# Router safety



## BigAxe (Oct 28, 2013)

I use a router frequently. The router is handheld, I don't have a router table.
Does anyone use an apron made out of Kevlar or some such material to protect themselves from the router bit.
If so where can I buy one

John


----------



## TheWoodenOyster (Feb 6, 2013)

You can buy bulletproof vests at gun shows. Literally. That might not be a bad choice


----------



## timbertailor (Jul 2, 2014)

Any clothing\protection you acquired would only provide a false sense of security.

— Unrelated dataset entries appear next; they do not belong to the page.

(* Let $m\ge 2$, let $C=uRM(m)$ (defined in the context), and fix any choice of base qubits $b_0,\dots,b_m$ for $C$. Then the parity labels $L(q)$ of the $2^m$ qubits $q$ are exactly all the odd-cardinality subsets of $\{0,1,\dots,m\}$, each such subset being the label of exactly one qubit.
   Context: Let $a=\lceil m/2\rceil$, $b=\lfloor m/2\rfloor$. Place $2^m$ bits (qubits) on a grid with $2^b$ rows and $2^a$ columns, positions $(i,j)$, row $1$ on top, column $1$ leftmost. Bulk checks: for $1\le i<2^b$, $1\le j<2^a$, the set $\{(i,j),(i+1,j),(i,j+1),(i+1,j+1)\}$. Boundary checks: for a line of $L=2^n$ positions $1,\dots,L$, each $s\in\{1,\dots,n-1\}$, $w=2^s$, and integer $t$ with $-L/(2w)+1\le t\le L/(2w)-1$, $S(w,t)=\{L/2-w/2+wt,\ L/2-w/2+wt+1,\ L/2+w/2+wt,\ L/2+w/2+wt+1\}$; these with $n=a$ on the top row ($j\mapsto(1,j)$) and with $n=b$ on the leftmost column ($i\mapsto(i,1)$). $C=uRM(m)$ is the set of $x\in\mathbb{F}_2^{2^m}$ with even sum over every check; it has dimension $m+1$. Base qubits and parity labels: base qubits are $m+1$ positions $b_0,\dots,b_m$ such that the map $C\to\mathbb{F}_2^{m+1}$, $x\mapsto(x_{b_0},\dots,x_{b_m})$ is a bijection. For each qubit $q$, its parity label is the unique subset $L(q)\subseteq\{0,\dots,m\}$ such that $x_q=\sum_{i\in L(q)}x_{b_i}$ for all $x\in C$. *)

From mathcomp Require Import all_boot all_order all_algebra.
Set Implicit Arguments. Unset Strict Implicit. Unset Printing Implicit Defensive.
Import Order.TTheory GRing.Theory Num.Theory.

Definition acols (m : nat) : nat := uphalf m.
Definition brows (m : nat) : nat := m./2.

(* Qubit positions: (row, column), 0-indexed; row i (0-based) is row i+1 of
   the paper, column j (0-based) is column j+1. Row 1 is the top row. *)
Definition pos (m : nat) : finType :=
  ('I_(2 ^ brows m) * 'I_(2 ^ acols m))%type.

(* The four 1-indexed positions of the boundary check S(w,t) on a line of
   L = 2^n positions, with w = 2^s. *)
Definition Sbd (n s : nat) (t : int) : seq int :=
  let L := (2 ^ n)%N in let w := (2 ^ s)%N in
  [:: ((L %/ 2)%N%:Z - (w %/ 2)%N%:Z + w%:Z * t)%R;
      ((L %/ 2)%N%:Z - (w %/ 2)%N%:Z + w%:Z * t + 1)%R;
      ((L %/ 2)%N%:Z + (w %/ 2)%N%:Z + w%:Z * t)%R;
      ((L %/ 2)%N%:Z + (w %/ 2)%N%:Z + w%:Z * t + 1)%R].

Definition bd_index (n s : nat) (t : int) : Prop :=
  (1 <= s <= n - 1)%N /\
  (- ((2 ^ n) %/ (2 * 2 ^ s))%N%:Z + 1 <= t <= ((2 ^ n) %/ (2 * 2 ^ s))%N%:Z - 1)%R.

Definition is_check (m : nat) (S : {set pos m}) : Prop :=
  (exists i j : nat, [/\ (1 <= i < 2 ^ brows m)%N, (1 <= j < 2 ^ acols m)%N &
      S = [set p : pos m | ((val p.1).+1 \in [:: i; i.+1])
                           && ((val p.2).+1 \in [:: j; j.+1])]])
  \/ (exists (s : nat) (t : int), bd_index (acols m) s t /\
      S = [set p : pos m | (val p.1 == 0%N)
                           && (Posz (val p.2).+1 \in Sbd (acols m) s t)])
  \/ (exists (s : nat) (t : int), bd_index (brows m) s t /\
      S = [set p : pos m | (val p.2 == 0%N)
                           && (Posz (val p.1).+1 \in Sbd (brows m) s t)]).
Lemma sq_err_gap_const_piece : exists d, 0 < d <= b - a /\ forall N c q r,
  (forall x, continuous N x) -> a <= q -> r <= b -> b - a - d <= r - q ->
  (forall x, q < x < r -> N x = c) -> V - e < sq_err a b F N.
Proof.
  pose proof (Rabs_pos V) as HV.
  assert (HM : 0 <= M) by (pose proof (F_sq_le a); pose proof (pow2_ge_0 (F a)); lra).
  set (Gamma := 2 * M + 4 * (Rabs V + 1) / (b - a)).
  assert (HGamma : 0 <= Gamma)
    by (unfold Gamma; pose proof (Rdiv_lt_0_compat (4 * (Rabs V + 1)) (b - a)); lra).
  set (P := 2 * Gamma + 2 * M).
  assert (HP : 0 <= P) by (unfold P; lra).
  set (d := Rmin ((b - a) / 2) (e / (P + 1))).
  assert (Hd : 0 < d) by (apply Rmin_glb_lt; [lra | apply Rdiv_lt_0_compat; lra]).
  assert (Hd2 : d <= (b - a) / 2) by apply Rmin_l.
  assert (HdP : d * P < e).
  { assert (Hle : d * (P + 1) <= e / (P + 1) * (P + 1))
      by (apply Rmult_le_compat_r; [lra | apply Rmin_r]).
    replace (e / (P + 1) * (P + 1)) with e in Hle by (field; lra).
    lra. }
  exists d. split; [lra |].
  intros N c q r HN Hq Hr Hqr Hc.
  set (H := fun x => (c - F x) ^ 2).
  assert (HH : forall x, continuous H x)
    by (intros; apply continuous_sq_err_integrand, continuous_const).
  assert (Hpiece : RInt H q r <= sq_err a b F N).
  { unfold sq_err. rewrite <- (RInt_ext_open (fun x => (N x - F x) ^ 2)) by
      (try lra; intros x Hx; unfold H; rewrite Hc by exact Hx; reflexivity).
    apply RInt_le_sub_interval; try lra.
    - intros; apply continuous_sq_err_integrand, HN.
    - intros; apply pow2_ge_0. }
  (* Either c is so large that the error on [q, r] alone exceeds V, or the error
     of c off [q, r], on a set of length at most d, is below e. *)
  destruct (Rle_lt_dec Gamma (c ^ 2)) as [Hbig | Hsmall].
  - assert (Hlow : (r - q) * (c ^ 2 / 2 - M) <= RInt H q r).
    { apply RInt_ge_const; [exact HH | lra |]. intros x _. unfold H.
      pose proof (sq_sub_ge_half c (F x)). pose proof (F_sq_le x). lra. }
    assert (Hc2 : 2 * (Rabs V + 1) / (b - a) <= c ^ 2 / 2 - M) by (unfold Gamma in Hbig; lra).
    assert (Rabs V + 1 <= (r - q) * (c ^ 2 / 2 - M)).
    { replace (Rabs V + 1) with ((b - a) / 2 * (2 * (Rabs V + 1) / (b - a))) by (field; lra).
      apply Rmult_le_compat; try lra.
      apply Rlt_le, Rdiv_lt_0_compat; lra. }
    pose proof (Rle_abs V). lra.
  - assert (Hup : forall p p', p <= p' -> RInt H p p' <= (p' - p) * P).
    { intros p p' Hp. apply RInt_le_const; [exact HH | exact Hp |]. intros x _. unfold H.
      pose proof (sq_sub_le c (F x)). pose proof (F_sq_le x). unfold P. lra. }
    pose proof (V_le_const_fit c) as HVc. unfold sq_err in HVc.
    change (V <= RInt H a b) in HVc.
    rewrite (RInt_Chasles3 H a q r b HH) in HVc.
    pose proof (Hup a q Hq). pose proof (Hup r b Hr).
    assert ((q - a) * P + (b - r) * P <= d * P) by nra.
    lra.
Qed.
Lemma pick_pos y : y != pt0 -> exists2 l, [pick i | 0 < y i] = Some l & 0 < y l.
Proof.
case: pickP => [l pos_l _|y0]; first by exists l.
by case/eqP; apply/ffunP => j; rewrite ffunE; apply/eqP; rewrite -leqn0 leqNgt y0.
Qed.

Definition rank S x := count (pt_lt^~ x) (enum_fset S).

Lemma rank_lt_card S x : x \in S -> rank S x < #|` S|%fset.
Proof.
move=> xS; rewrite /rank -(count_predC (pt_lt^~ x)) -addn1 leq_add2l -has_count.
by apply/hasP; exists x; rewrite //= pt_ltxx.
Qed.

Lemma rank_lt S x y : x \in S -> pt_lt x y -> rank S x < rank S y.
Proof.
move=> xS lt_xy; rewrite /rank -!size_filter.
apply: (@uniq_leq_size _ (x :: [seq w <- enum_fset S | pt_lt w x])).
  by rewrite /= filter_uniq ?fset_uniq // mem_filter pt_ltxx.
move=> w; rewrite inE !mem_filter => /predU1P[->|/andP[lt_wx ->]].
  by rewrite lt_xy xS.
by rewrite (pt_lt_trans lt_wx lt_xy).
Qed.

Lemma rank_inj S : {in S &, injective (rank S)}.
Proof.
move=> x y xS yS eq_r; apply/eqP/negPn/negP => /pt_lt_total /orP[] lt.
  by have := rank_lt xS lt; rewrite eq_r ltnn.
by have := rank_lt yS lt; rewrite eq_r ltnn.
Qed.

Lemma eq_rank S S' x :
  (forall w, pt_lt w x -> (w \in S) = (w \in S')) -> rank S x = rank S' x.
Proof.
move=> agree; rewrite /rank -!size_filter; apply/perm_size/uniq_perm.
- exact/filter_uniq/fset_uniq.
- exact/filter_uniq/fset_uniq.
by move=> w; rewrite !mem_filter; case lt_wx: (pt_lt w x); rewrite //= agree.
Qed.

Lemma lower_set_pt0 S : lower_set S -> (0 < #|` S|)%fset -> pt0 \in S.
Proof.
by move=> lowS; rewrite cardfs_gt0 => /fset0Pn [y /lowS]; apply=> j; rewrite ffunE.
Qed.

(* What decoding knows of a point [y] before [y \in S] is established. *)
Definition covers_below S y :=
  forall w, (forall j, w j <= y j) -> pt_lt w y -> w \in S.

Lemma lower_set_covers S y : lower_set S -> y \in S -> covers_below S y.
Proof. by move=> lowS yS w le_wy _; exact: lowS yS w le_wy. Qed.

Variable k : nat.
Local Notation code_type := ('I_d + 'I_k.+1 * 'I_k.+1)%type.

Lemma inord_rank_inj S x y : #|` S|%fset = k.+1 -> x \in S -> y \in S ->
  inord (rank S x) = inord (rank S y) :> 'I_k.+1 -> x = y.
Proof.
move=> cardS xS yS /(congr1 (@nat_of_ord _)).
by rewrite !inordK -?cardS ?rank_lt_card // => /rank_inj; apply.
Qed.

Definition code S y : code_type :=
  if [pick l | 0 < y l] is Some l then
    if dec_pt y l == pt0 then inl l
    else inr (inord (rank S (dec_pt y l)), inord (rank S (unit_pt l)))
  else inr (ord0, ord0).

Lemma eq_code S S' y :
  (forall w, pt_lt w y -> (w \in S) = (w \in S')) -> code S y = code S' y.
Proof.
move=> agree; rewrite /code; case: pickP => // l pos_l; case: eqP => // /eqP nz.
have below z : pt_lt z y -> forall w, pt_lt w z -> (w \in S) = (w \in S').
  by move=> lt_zy w lt_wz; apply/agree/(pt_lt_trans lt_wz).
by rewrite (eq_rank (below _ (pt_lt_dec pos_l))) (eq_rank (below _ (pt_lt_unit pos_l nz))).
Qed.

Router safety is all about taking your time, being aware of what the bit is doing, what it will do, depending on route direction, how the wood is going to respond, and a whole host of factors that just take a little planing and forethought before you throw that switch.


----------



## TheFridge (May 1, 2014)

I wouldn't want to wear a fabric strong enough to catch and twist in a router bit.


----------



## lab7654 (Mar 31, 2012)

Just follow the basic safety procedures and you'll be fine. Kevlar is designed to dissipate impact, I don't think it would hold up much better to a cutting edge than any fabric.


----------



## runswithscissors (Nov 8, 2012)

Actually, kevlar is very resistant to edged tools. Try cutting some with sharp shears. Not so easy. But I like the idea of a leather apron better than kevlar or any fabric.


----------



## TheWoodenOyster (Feb 6, 2013)

You could go with the steel plate method. That'll stop a router bit


----------



## bigblockyeti (Sep 9, 2013)

If you're actually worried about the bit cutting through or winding up and twisting whatever you've wearing, leather would be a better option. Any fabric you might be wearing could get (very quickly) wound up in a router bit. Leather being thicker option wouldn't be able to "wind" much around a bit before stalling the router or breaking the shank of the bit.


----------



## JulianLech (Jan 13, 2011)

Why not just make a simple router table. Many options to choose from on this website and the internet.


----------



## sawdust703 (Jul 6, 2014)

I use a router regularly, as well, & have for several years. As many here have. In a table, and hand use, & am YET to have a bit come loose, or "fly" out of the router. I don't wear an apron, or anything over my shirt when I use my routers. At times, I am fairly close to the router & bit for vision reasons. If all the right precautions are taken, the right bits are used with the right collets, & the right bits used for the job at hand, I don't see what you're worried about. Yes, I suppose there is always a possibility the bit could come loose, but, you don't need to tighten the collet nut to the point of strippin' the threads. As long as it is tight, it WILL stay put! Shop safety is important, but somewhat overdone on some things, IMO. Every tool you use has it's "dangers" shall we say, but, if you learn to use it, & pay attention to whats going on around you, you won't have any problems. One thing I will mention, that has to do with shop safety, some wear ear protection, some don't. I, for one, don't. I listen to the machine I'm using. You can usually tell by the sounds of the tool when something is wrong. Just learn to use it safely, Don't get in hurry with it, & learn to listen to it. You'll get along fine. Work safe, enjoy your project.


----------



## Lsmart (Jan 1, 2012)

I have kevlar pants for chainsawing, maybe there is a bib.


----------